И короткий злой укус невидимого браслета на руке словно печатью скрепил странный договор.
Отпевание и похороны прошли для нее как в тумане — вряд ли Эртемиза смогла бы припомнить хоть что-то из того раскаленного от жара июльского дня восемнадцатого числа восемнадцатого года. А потом она провалилась в глубокий сон, проспала ночь, день и следующую ночь почти беспрерывно, и только выспавшись, наконец осознала, что все это было реальностью. Печали о муже не было, не было и чувства утраты. Скорее — некое тягучее мрачное переживание первых признаков будущих еще более серьезных бед, которые в ожидании столпились на пороге, утащив к себе в преисподнюю грешную душу Пьерантонио, но нимало не насытившись этой жертвой.

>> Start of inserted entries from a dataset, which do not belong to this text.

Lemma card_assign_mcat_low (A : {set I}) :
  card_assign N (fun k => (P k && valid_assign mu (mcat m m') k) &&
                          ([set i | k i < mbound m] == A)) =
  num_assign (restr A mu) (PA A) m * num_assign (restr (~: A) mu) (PA (~: A)) m'.
Proof.
have restr_neq0 (S : {set I}) x : restr S mu x != (0, 0) by exact: mu_neq0.
rewrite !(num_assign_widen (N := N) _ (restr_neq0 _)); try lia.
rewrite -(card_assign_glue (B := mbound m)); last first.
- move=> k2 /andP[_ valid_k2] y; have /valid_assignP[k2_pos _] := valid_k2.
  have := valid_assign_ltn_mbound (restr_neq0 _) valid_k2 y.
  by rewrite k2_pos /=; lia.
- by move=> k1 /andP[_ /(valid_assign_ltn_mbound (restr_neq0 _))].
apply: eq_card_assign => k /=.
case: (eqVneq [set i | k i < mbound m] A) => [low_A | _]; last by rewrite andbF.
have k_low i : i \in A -> k i < mbound m by rewrite -low_A inE.
rewrite andbT /=.
case: (pickP (fun i => k i == mbound m)) => [i /eqP ki | no_gap].
  have iA' : i \in ~: A by rewrite in_setC -low_A inE ki ltnn.
  have /negbTE -> : ~~ valid_assign mu (mcat m m') k.
    by apply/negP => /(valid_assign_mcat_gap mu_neq0)/(_ i); rewrite ki eqxx.
  suff /negbTE -> : ~~ valid_assign (restr (~: A) mu) m'
                        (restr (~: A) (fun i => k i - mbound m)) by rewrite !andbF.
  by apply/negP => /valid_assignP[pos _]; have := pos (exist _ i iA'); rewrite /= ki subnn.
have k_high i : i \notin A -> mbound m < k i.
  by rewrite -low_A inE -leqNgt leq_eqVlt eq_sym no_gap.
by rewrite (P_split k_low k_high) (valid_assign_mcat mu k_low k_high) // andbACA.
Qed.

Lemma num_assign_mcat :
  num_assign mu P (mcat m m') =
  \sum_(A : {set I}) num_assign (restr A mu) (PA A) m * num_assign (restr (~: A) mu) (PA (~: A)) m'.
Proof.
rewrite (num_assign_widen (N := N) _ mu_neq0); last by have := mbound_mcat m m'; lia.
rewrite (card_assign_partition _ _ (fun k => [set i | k i < mbound m])).
by apply: eq_bigr => A _; exact: card_assign_mcat_low.
Qed.

End MonomialConcatenation.

Local Open Scope ring_scope.

Lemma psum_num (C : nzRingType) (L : seq (nat * nat)) (m : mon) :
  psum C L m = (num_assign (fun i : 'I_(size L) => nth (0, 0)%N L i) xpredT m)%:R.
Proof. by rewrite /psum (@assign_count_num _ _ _ xpredT). Qed.

Lemma psum_eq0 (C : nzRingType) L (m : mon) : m 0%N != (0, 0)%N -> psum C L m = 0.
Proof. by move=> m0; rewrite psum_num num_assign_eq0. Qed.

Lemma psum_map_enum (C : nzRingType) (T : finType) (A : {set T}) (mu : T -> nat * nat)
    (m : mon) :
  psum C (map mu (enum A)) m = (num_assign (restr A mu) xpredT m)%:R.
Proof.
rewrite psum_num; congr _%:R.
have size_A : size (map mu (enum A)) = #|A| by rewrite size_map cardE.
pose s (i : 'I_(size (map mu (enum A)))) : {x | x \in A} :=
  exist _ (enum_val (cast_ord size_A i)) (enum_valP _).
have s_bij : bijective s.
  apply: inj_card_bij => [i j /(congr1 val) /enum_val_inj /cast_ord_inj // |].
  by rewrite card_sig card_ord size_A.
suff -> : (fun i : 'I_(size (map mu (enum A))) => nth (0, 0)%N (map mu (enum A)) i) =
          (fun i => restr A mu (s i)).
  exact: num_assign_reindex.
apply: functional_extensionality => i /=.
have lt_i : (i < size (enum A))%N by rewrite -(size_map mu) ltn_ord.
rewrite (nth_map (enum_val (cast_ord size_A i))) //.
by rewrite [in RHS](enum_val_nth (enum_val (cast_ord size_A i))).
Qed.

Lemma vlist_nth_neq0 (L : seq (nat * nat)) :
  vlist L -> forall i : 'I_(size L), nth (0, 0)%N L i != (0, 0)%N.
Proof. by move=> /(all_nthP (0, 0)%N) L_neq0 i; apply: L_neq0. Qed.

Lemma psum_mcat (C : nzRingType) (L : seq (nat * nat)) (m m' : mon) :
  vlist L -> m' 0%N = (0, 0)%N ->
  psum C L (mcat m m') =
  \sum_(J : {set 'I_(size L)}) psum C (lrestr J) m * psum C (lrestr (~: J)) m'.
Proof.
move=> vL m'0; rewrite psum_num.
rewrite (num_assign_mcat (vlist_nth_neq0 vL) m'0 (PA := fun _ _ => true)) //.
by rewrite natr_sum; apply: eq_bigr => J _; rewrite natrM /lrestr !psum_map_enum.
Qed.

Definition proper_assign (V : finType) (e : rel V) (k : V -> nat) : bool :=
  [forall u, forall v, e u v ==> (k u != k v)].

Lemma chromMac_num (C : nzRingType) (V : finType) (e : rel V) (wt : V -> nat) (m : mon) :
  chromMac C e wt m = (num_assign (fun v => (1, wt v))%N (proper_assign e) m)%:R.
Proof. by rewrite /chromMac (@assign_count_num _ _ _ (proper_assign e)). Qed.

Lemma proper_assign_split (V : finType) (e : rel V) (A : {set V}) (B : nat) (k : V -> nat) :
  (forall v, v \in A -> (k v < B)%N) -> (forall v, v \notin A -> (B < k v)%N) ->
  proper_assign e k =
  proper_assign (fun u w : {v | v \in A} => e (val u) (val w)) (restr A k) &&
  proper_assign (fun u w : {v | v \in ~: A} => e (val u) (val w))
                (restr (~: A) (fun v => k v - B)%N).
Proof.
move=> k_low k_high.
have out_high u : u \in ~: A -> (B < k u)%N by rewrite in_setC; exact: k_high.
have k_cross u v : (u \in A) != (v \in A) -> k u != k v.
  by case: (boolP (u \in A)) => [/k_low | /k_high];
     case: (boolP (v \in A)) => [/k_low | /k_high] //; lia.
apply/forallP/andP => [proper | [proper_in proper_out] u].
  split; apply/forallP => -[u uS]; apply/forallP => -[v vS]; apply/implyP => /= euv;
    have := implyP (forallP (proper u) v) euv => //.
  by have := out_high u uS; have := out_high v vS; lia.
apply/forallP => v; apply/implyP => euv.
case: (eqVneq (u \in A) (v \in A)) => [same | /k_cross //].
case: (boolP (u \in A)) => uA; have vA := uA; rewrite same in vA.
  exact: (implyP (forallP (forallP proper_in (exist _ u uA)) (exist _ v vA)) euv).
rewrite -in_setC in uA; rewrite -in_setC in vA.
have := implyP (forallP (forallP proper_out (exist _ u uA)) (exist _ v vA)) euv => /=.
by have := out_high u uA; have := out_high v vA; lia.
Qed.

Lemma chromMac_mcat (C : nzRingType) (V : finType) (e : rel V) (wt : V -> nat) (m m' : mon) :
  m' 0%N = (0, 0)%N ->
  chromMac C e wt (mcat m m') =
  \sum_(A : {set V}) chromMac_ind C e wt A m * chromMac_ind C e wt (~: A) m'.
Proof.
move=> m'0; rewrite chromMac_num.
rewrite (num_assign_mcat _ m'0
  (PA := fun A => proper_assign (fun u w : {v | v \in A} => e (val u) (val w)))) //.
  by rewrite natr_sum; apply: eq_bigr => A _; rewrite natrM /chromMac_ind !chromMac_num.
by move=> A k; exact: proper_assign_split.
Qed.

Section Mac2Closure.
Variable C : nzRingType.

Lemma inMac2_zero : inMac2 (fun _ : mon => 0 : C).
Proof. by exists [::]; split => //; apply: functional_extensionality => m; rewrite big_nil. Qed.

Lemma inMac2_scale_add (a : C) (B1 B2 : ps C) :
  inMac2 B1 -> inMac2 B2 -> inMac2 (fun m => a * B1 m + B2 m).
Proof.
case=> c1 [vc1 ->] [c2 [vc2 ->]].
exists ([seq (a * x.1, x.2) | x <- c1] ++ c2); split; first by rewrite all_cat all_map vc1 vc2.
apply: functional_extensionality => m; rewrite big_cat big_map /= mulr_sumr.
by congr (_ + _); apply: eq_bigr => x _; rewrite mulrA.
Qed.

Lemma inMac2_scale (a : C) (B : ps C) : inMac2 B -> inMac2 (fun m => a * B m).
Proof.
move=> /(inMac2_scale_add a)/(_ inMac2_zero).
by under [X in inMac2 X]functional_extensionality do rewrite addr0.
Qed.

Lemma inMac2_psum L : vlist L -> inMac2 (psum C L).
Proof.
move=> vL; exists [:: (1, L)]; split; first by rewrite /= vL.
by apply: functional_extensionality => m; rewrite big_seq1 mul1r.
Qed.

Lemma inMac2_eq0 (B : ps C) (m : mon) : inMac2 B -> m 0%N != (0, 0)%N -> B m = 0.
Proof. by case=> c [_ ->] m0; rewrite big1 // => x _; rewrite psum_eq0 // mulr0. Qed.

Lemma inMac2_sum n (a : 'I_n -> C) (B : 'I_n -> ps C) :
  (forall i, inMac2 (B i)) -> inMac2 (fun m => \sum_i a i * B i m).
Proof.
elim: n a B => [|n IHn] a B B_Mac2.
  by under [X in inMac2 X]functional_extensionality do rewrite big_ord0; exact: inMac2_zero.
under [X in inMac2 X]functional_extensionality do rewrite big_ord_recl.
by apply: inMac2_scale_add; [exact: B_Mac2 | exact: IHn].
Qed.

End Mac2Closure.

Section ContractedAssignments.
Variables (I : finType) (mu : I -> nat * nat).
Hypothesis mu_neq0 : forall i, mu i != (0, 0)%N.

Definition const_on (S : seq (I * I)) (k : I -> nat) : bool := all (fun p => k p.1 == k p.2) S.
Definition proper_on (S : seq (I * I)) (k : I -> nat) : bool := all (fun p => k p.1 != k p.2) S.

Section Contraction.
Variable S : seq (I * I).

Let adj : rel I := fun u v => ((u, v) \in S) || ((v, u) \in S).
Let adj_sym : symmetric adj. Proof. by move=> u v; rewrite /adj orbC. Qed.
Let rep := fingraph.root adj.
Let reps : {set I} := [set v | rep v == v].

Let adj_csym : connect_sym adj := sym_connect_sym adj_sym.

Let rep_in v : rep v \in reps.
Proof. by rewrite inE /rep (root_root adj_csym). Qed.

Let toR (v : I) : {x | x \in reps} := exist _ (rep v) (rep_in v).
Let muR (v : I) := vsum (fun w => rep w == v) mu.

Let toR_val (r : {x | x \in reps}) : toR (val r) = r.
Proof. by apply: val_inj => /=; have := valP r; rewrite inE => /eqP. Qed.

Let sum_toR (rho : {x | x \in reps} -> nat) j (F : I -> nat) :
  (\sum_(v | rho (toR v) == j) F v = \sum_(r | rho r == j) \sum_(v | rep v == val r) F v)%N.
Proof.
rewrite (partition_big toR (fun r => rho r == j)) //.
apply: eq_bigr => r rho_r; apply: eq_bigl => v.
apply/andP/idP => [[_ /eqP <-] // | rep_v].
by have -> : toR v = r by apply: val_inj; apply/eqP.
Qed.

Let valid_toR (m : mon) (rho : {x | x \in reps} -> nat) :
  valid_assign mu m (fun v => rho (toR v)) = valid_assign (restr reps muR) m rho.
Proof.
have mon_toR j : assign_mon mu (fun v => rho (toR v)) j = assign_mon (restr reps muR) rho j.
  by rewrite /assign_mon /vsum !sum_toR.
apply/valid_assignP/valid_assignP => -[rho_pos m_rho].
  by split=> [r | j]; [rewrite -(toR_val r) | rewrite m_rho mon_toR].
by split=> [v | j]; [exact: rho_pos | rewrite m_rho mon_toR].
Qed.

Lemma const_on_connect k : const_on S k -> forall u v, connect adj u v -> k u = k v.
Proof.
move=> /allP k_const u v /connectP[p]; elim: p u => [|w p IHp] u /=; first by move=> _ ->.
case/andP => /orP[uw_S | wu_S] p_path v_last; rewrite -(IHp w p_path v_last).
  exact/eqP/(k_const _ uw_S).
exact/esym/eqP/(k_const _ wu_S).
Qed.

Lemma num_assign_const_on (m : mon) :
  num_assign mu (const_on S) m = num_assign (restr reps muR) xpredT m.
Proof.
rewrite /num_assign /card_assign.
pose lift (psi : {ffun {x | x \in reps} -> 'I_(mbound m)}) := [ffun v => psi (toR v)].
have lift_inj : injective lift.
  move=> psi psi' /ffunP eq_psi; apply/ffunP => r.
  by have := eq_psi (val r); rewrite !ffunE toR_val.
rewrite -(card_imset _ lift_inj); apply: eq_card => phi; apply/idP/imsetP.
  rewrite inE => /andP[phi_const valid_phi].
  have phi_rep v : val (phi v) = val (phi (rep v)).
    by apply: (const_on_connect phi_const); exact: connect_root.
  have phi_lift : (fun v => val (phi v)) = (fun v => val (phi (val (toR v)))).
    by apply: functional_extensionality => v; rewrite -phi_rep.
  exists [ffun r => phi (val r)].
    by rewrite inE val_finfunE -(valid_toR m (fun r => val (phi (val r)))) -phi_lift.
  by apply/ffunP => v; apply/val_inj; rewrite !ffunE /= -phi_rep.
case=> psi; rewrite inE /= => valid_psi ->; rewrite inE /lift val_finfunE.
rewrite (valid_toR m (fun r => val (psi r))) valid_psi andbT.
apply/allP => p p_S; apply/eqP; congr (val (psi _)); apply: val_inj; rewrite /toR /rep /=.
apply/(fingraph.rootP adj_csym)/connect1.
by rewrite /adj -surjective_pairing p_S.
Qed.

Эртемиза засобиралась домой, в тревоге раздумывая, вернулся или нет Дженнаро к своей опекунше. Мысль о дочках беспокоила меньше, они не в первый раз оставались под присмотром умницы-Абры, другое дело, что не на столь долгий срок. И лишь одно воспоминание согревало по-настоящему, не давая с головой погрузиться в трясину отчаяния перед неотступными грядущими невзгодами, — она снова увидит и услышит Бернарди. Сейчас она испытывала насущную потребность хотя бы просто почувствовать на себе магическое сияние лазоревого взгляда, всего лишь на миг — и это вернуло бы ей силы. Но не давала покоя и подспудная мысль: после предутреннего муторного и уже полузабытого сна Эртемиза была почти уверена, что с ним что-то случилось. Шеффре явился к ней тенью из стены, а она перебирала вслух имена, пока коротким тихим восклицанием он не остановил ее на своем, зашептал невнятно, и до самого пробуждения ей было страшно оглянуться и посмотреть на него — всё как тогда, с Меризи…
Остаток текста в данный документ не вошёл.